TASK ITEM -
Of the lines in the data below, write out exactly those from the one holding "Lemma add_edge_in_UEC U" through the one holding "- have Ncxy", both included.

AVAILABLE DATA -
◇ ◇ ◇
Lemma nbhd_leP x y :
  reflect (forall s, source e s -> connect e s x -> connect e s y) (nbhd_le U x y).
Proof.
apply: (iffP subsetP) => [sub s Ss Csx | anc z].
- have /sub/cnbhd_sourceP[s' [Ss' Cs's Cs'y]] : s \in cnbhd U x.
    by apply/cnbhd_sourceP; exists s; rewrite connect0.
  by rewrite -(source_connect_eq Ss Cs's).
- case/cnbhd_sourceP => s [Ss Csz Csx].
  by apply/cnbhd_sourceP; exists s; split=> //; apply: anc.
Qed.

Lemma ancestor_nbhd_le : subrel (connect e) (nbhd_le U).
Proof. by move=> x y Cxy; apply/nbhd_leP => s _ Csx; apply: connect_trans Csx Cxy. Qed.

Lemma nbhd_le_adj t v w : v != w -> nbhd_le U t v -> nbhd_le U t w -> U v w.
Proof.
move=> vw /nbhd_leP tv /nbhd_leP tw; have [s [Ss Cst]] := source_ancestor t He.1.
by apply/UEC_adjP; split=> //; exists s; rewrite tv ?tw.
Qed.

Lemma source_nbhd_le s v : source e s -> nbhd_le U s v -> connect e s v.
Proof. by move=> Ss /nbhd_leP; apply. Qed.

Lemma nbhd_le_source s y : source e s -> nbhd_le U y s -> connect e s y.
Proof.
move=> Ss /nbhd_leP ys; have [s' [Ss' Cs'y]] := source_ancestor y He.1.
by rewrite -(source_connect_eq Ss (ys s' Ss' Cs'y)).
Qed.

End InUEC.
End Neighbourhoods.

Section Saturated.
Variable T : finType.
Implicit Types (U e D : rel T).

Definition nbhd_saturated U D :=
  subrel D (nbhd_le U) /\ forall x y, x != y -> nbhd_le U x y -> adj D x y.

Lemma nbhd_monotone_udep U e D : in_UEC U e -> is_DAG D ->
  subrel D (nbhd_le U) -> forall v w, udep D v w -> U v w.
Proof.
move=> He HD mono v w /(udepP _ _ HD)[vw [t /andP[Ctv Ctw]]].
exact: (nbhd_le_adj He vw (connect_nbhd_le mono Ctv) (connect_nbhd_le mono Ctw)).
Qed.

Lemma connect_add_edge D a b x y : connect D x y -> connect (add_edge D a b) x y.
Proof. by apply: connect_sub => u v Duv; apply: connect1; rewrite /add_edge Duv. Qed.

Lemma add_edge_DAG D a b : is_DAG D -> ~~ connect D b a -> is_DAG (add_edge D a b).
Proof.
move=> HD Nba v w evw; apply/negP => Cwv.
have : connect D w v || connect D w a && connect D b v.
  (* The relation reached in [D] or through one use of the new edge is already transitive. *)
  apply: (connect_preorder (R := [rel x y | connect D x y || connect D x a && connect D b y]))
    Cwv => [x|y x z|x y] /=; first by rewrite connect0.
  - case/orP=> [Cxy | /andP[Cxa Cby]] /orP[Cyz | /andP[Cya Cbz]].
    + by rewrite (connect_trans Cxy Cyz).
    + by rewrite (connect_trans Cxy Cya) Cbz orbT.
    + by rewrite Cxa (connect_trans Cby Cyz) orbT.
    + by rewrite Cxa Cbz orbT.
  - by case/orP=> [/connect1 -> // | /andP[/eqP -> /eqP ->]]; rewrite !connect0 orbT.
case/orP: evw => [Dvw | /andP[/eqP -> /eqP ->]] /orP[Cwv' | /andP[Cwa Cbv]].
- by move: (HD _ _ Dvw); rewrite Cwv'.
- by move: Nba; rewrite (connect_trans (connect_trans Cbv (connect1 Dvw)) Cwa).
- by rewrite Cwv' in Nba.
- by rewrite Cwa in Nba.
Qed.

Lemma add_edge_in_UEC U D a b : in_UEC U D -> nbhd_le U a b -> ~~ connect D b a ->
  in_UEC U (add_edge D a b).
Proof.
move=> HD ab Nba; have HDab := add_edge_DAG HD.1 Nba.
split=> // v w; split=> [/(UEC_adjP HD)[vw [t /andP[Ctv Ctw]]] | ].
  by apply/udepP => //; split=> //; exists t; rewrite !connect_add_edge.
apply: (nbhd_monotone_udep HD HDab) => x y /orP[/connect1/(ancestor_nbhd_le HD) // |].
by case/andP=> /eqP -> /eqP ->.
Qed.

Lemma maximal_nbhd_saturated U D : maximal_in_UEC U D -> nbhd_saturated U D.
Proof.
move=> [HD maxD]; split=> [x y /connect1 | x y xy lexy]; first exact: (ancestor_nbhd_le HD).
apply/negPn/negP => Nadj.
have [Cyx | Ncyx] := boolP (connect D y x).
- have Ncxy : ~~ connect D x y by apply: DAG_connect_asym HD.1 _ Cyx; rewrite eq_sym.
  have HDyx := add_edge_in_UEC HD (ancestor_nbhd_le HD Cyx) Ncxy.
  apply: (maxD y x _ _ HDyx.1 HDyx); first by rewrite eq_sym.
  by rewrite /adj orbC.
- have HDxy := add_edge_in_UEC HD lexy Ncyx.
  exact: (maxD x y xy Nadj HDxy.1 HDxy).
Qed.

Lemma nbhd_saturated_in_UEC U e D : in_UEC U e -> is_DAG D -> nbhd_saturated U D ->
  in_UEC U D.
Proof.
move=> He HD [mono sat]; split=> // v w; split; last exact: nbhd_monotone_udep He HD mono v w.
case/(UEC_adjP He) => vw [t0 /andP[Ct0v Ct0w]].
have [s [_ Cst0]] := source_ancestor t0 He.1.
pose cls := [pred u | nbhd_le U u s && nbhd_le U s u].
have cls_s : cls s by rewrite /= nbhd_le_refl.
have [t [/andP[ts st] _ tmin]] := DAG_minimal (P := cls) HD cls_s.
have Ct x : nbhd_le U s x -> connect D t x.
  move=> sx; have tx := nbhd_le_trans ts sx.
  have [<- | tx'] := eqVneq t x; first exact: connect0.
  case/orP: (sat _ _ tx' tx) => [/connect1 // | Dxt].
  by move: (tmin x); rewrite /= (nbhd_le_trans (mono _ _ Dxt) ts) sx Dxt => /(_ isT).
have Cs y : connect e t0 y -> connect D t y.
  by move=> Ct0y; apply/Ct/(ancestor_nbhd_le He)/(connect_trans Cst0).
by apply/udepP => //; split=> //; exists t; rewrite !Cs.
Qed.
(* Let $A=\{a_s(n_s)\}_{s=1}^k$ and $B=\{b_t(m_t)\}_{t=1}^l$ be finite systems of residue classes with positive integer moduli and integers $0\leqslant a_s<n_s$, $0\leqslant b_t<m_t$, such that $n_1,\ldots,n_k$ are pairwise distinct and $m_1,\ldots,m_l$ are pairwise distinct. Let $p$ be a prime with $p>|S(n_1,\ldots,n_k,m_1,\ldots,m_l)|$ and let $\zeta_p$ be a primitive $p$th root of unity. Then $A$ and $B$ are identical (i.e., $k=l$ and $\{(a_s,n_s)\}_{s=1}^k=\{(b_t,m_t)\}_{t=1}^l$) if and only if $$\sum_{s=1}^k\frac{\zeta_p^{a_s}}{1-\zeta_p^{n_s}}=\sum_{t=1}^l\frac{\zeta_p^{b_t}}{1-\zeta_p^{m_t}}.$$
   Context: For a positive integer $n$ and $a\in\{0,\ldots,n-1\}$, $a(n)$ denotes the residue class $\{x\in\mathbb Z: x\equiv a \pmod n\}$. For positive integers $n_1,\ldots,n_k$, $S(n_1,\ldots,n_k)=\{r/n_s: r=0,\ldots,n_s-1;\ s=1,\ldots,k\}$, a set of rational numbers, and $|S(\cdot)|$ denotes its cardinality. *)

From mathcomp Require Import all_boot all_order all_algebra all_field.
Set Implicit Arguments. Unset Strict Implicit. Unset Printing Implicit Defensive.

Definition Sset (ns : seq nat) : seq rat :=
  undup [seq ((r%:R : rat) / (n%:R : rat))%R | n <- ns, r <- iota 0 n].

Definition Scard (ns : seq nat) : nat := size (Sset ns).

From mathcomp Require Import all_boot all_order all_algebra all_field.
From mathcomp Require Import algC cyclotomic ring.
Import GRing.Theory Num.Theory.

(* Let D be the set of divisors of all moduli and Q = \prod_(d in D) Phi_d.
   The fractions r/d with d in D and coprime d r are distinct elements of S, so
   deg Q = \sum_(d in D) phi(d) < p.  For a class a(n) we have
   Q = (X^n - 1) * Q_n with Q_n = \prod_(d in D, ~~ d %| n) Phi_d, hence
   zeta^a / (1 - zeta^n) = - (X^a * Q_n)(zeta) / Q(zeta).  Equal sums thus make
   the integer polynomials P_A = \sum_s X^(a_s) * Q_(n_s) and P_B, of degree
   < p - 1, agree at zeta_p, whose minimal polynomial Phi_p has degree p - 1:
   so P_A = P_B.  Finally P_A determines A: at a primitive M-th root of unity w,
   M the largest modulus, every Q_n with n < M contains the factor Phi_M, so
   P_A(w) is Q_M(w) * w^a if a(M) is in A and 0 otherwise.  This recovers the
   class of modulus M, and one descends on M. *)

Set Implicit Arguments.
Unset Strict Implicit.
Unset Printing Implicit Defensive.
◇ ◇ ◇
RESULT BELOW -
Lemma add_edge_in_UEC U D a b : in_UEC U D -> nbhd_le U a b -> ~~ connect D b a ->
  in_UEC U (add_edge D a b).
Proof.
move=> HD ab Nba; have HDab := add_edge_DAG HD.1 Nba.
split=> // v w; split=> [/(UEC_adjP HD)[vw [t /andP[Ctv Ctw]]] | ].
  by apply/udepP => //; split=> //; exists t; rewrite !connect_add_edge.
apply: (nbhd_monotone_udep HD HDab) => x y /orP[/connect1/(ancestor_nbhd_le HD) // |].
by case/andP=> /eqP -> /eqP ->.
Qed.

Lemma maximal_nbhd_saturated U D : maximal_in_UEC U D -> nbhd_saturated U D.
Proof.
move=> [HD maxD]; split=> [x y /connect1 | x y xy lexy]; first exact: (ancestor_nbhd_le HD).
apply/negPn/negP => Nadj.
have [Cyx | Ncyx] := boolP (connect D y x).
- have Ncxy : ~~ connect D x y by apply: DAG_connect_asym HD.1 _ Cyx; rewrite eq_sym.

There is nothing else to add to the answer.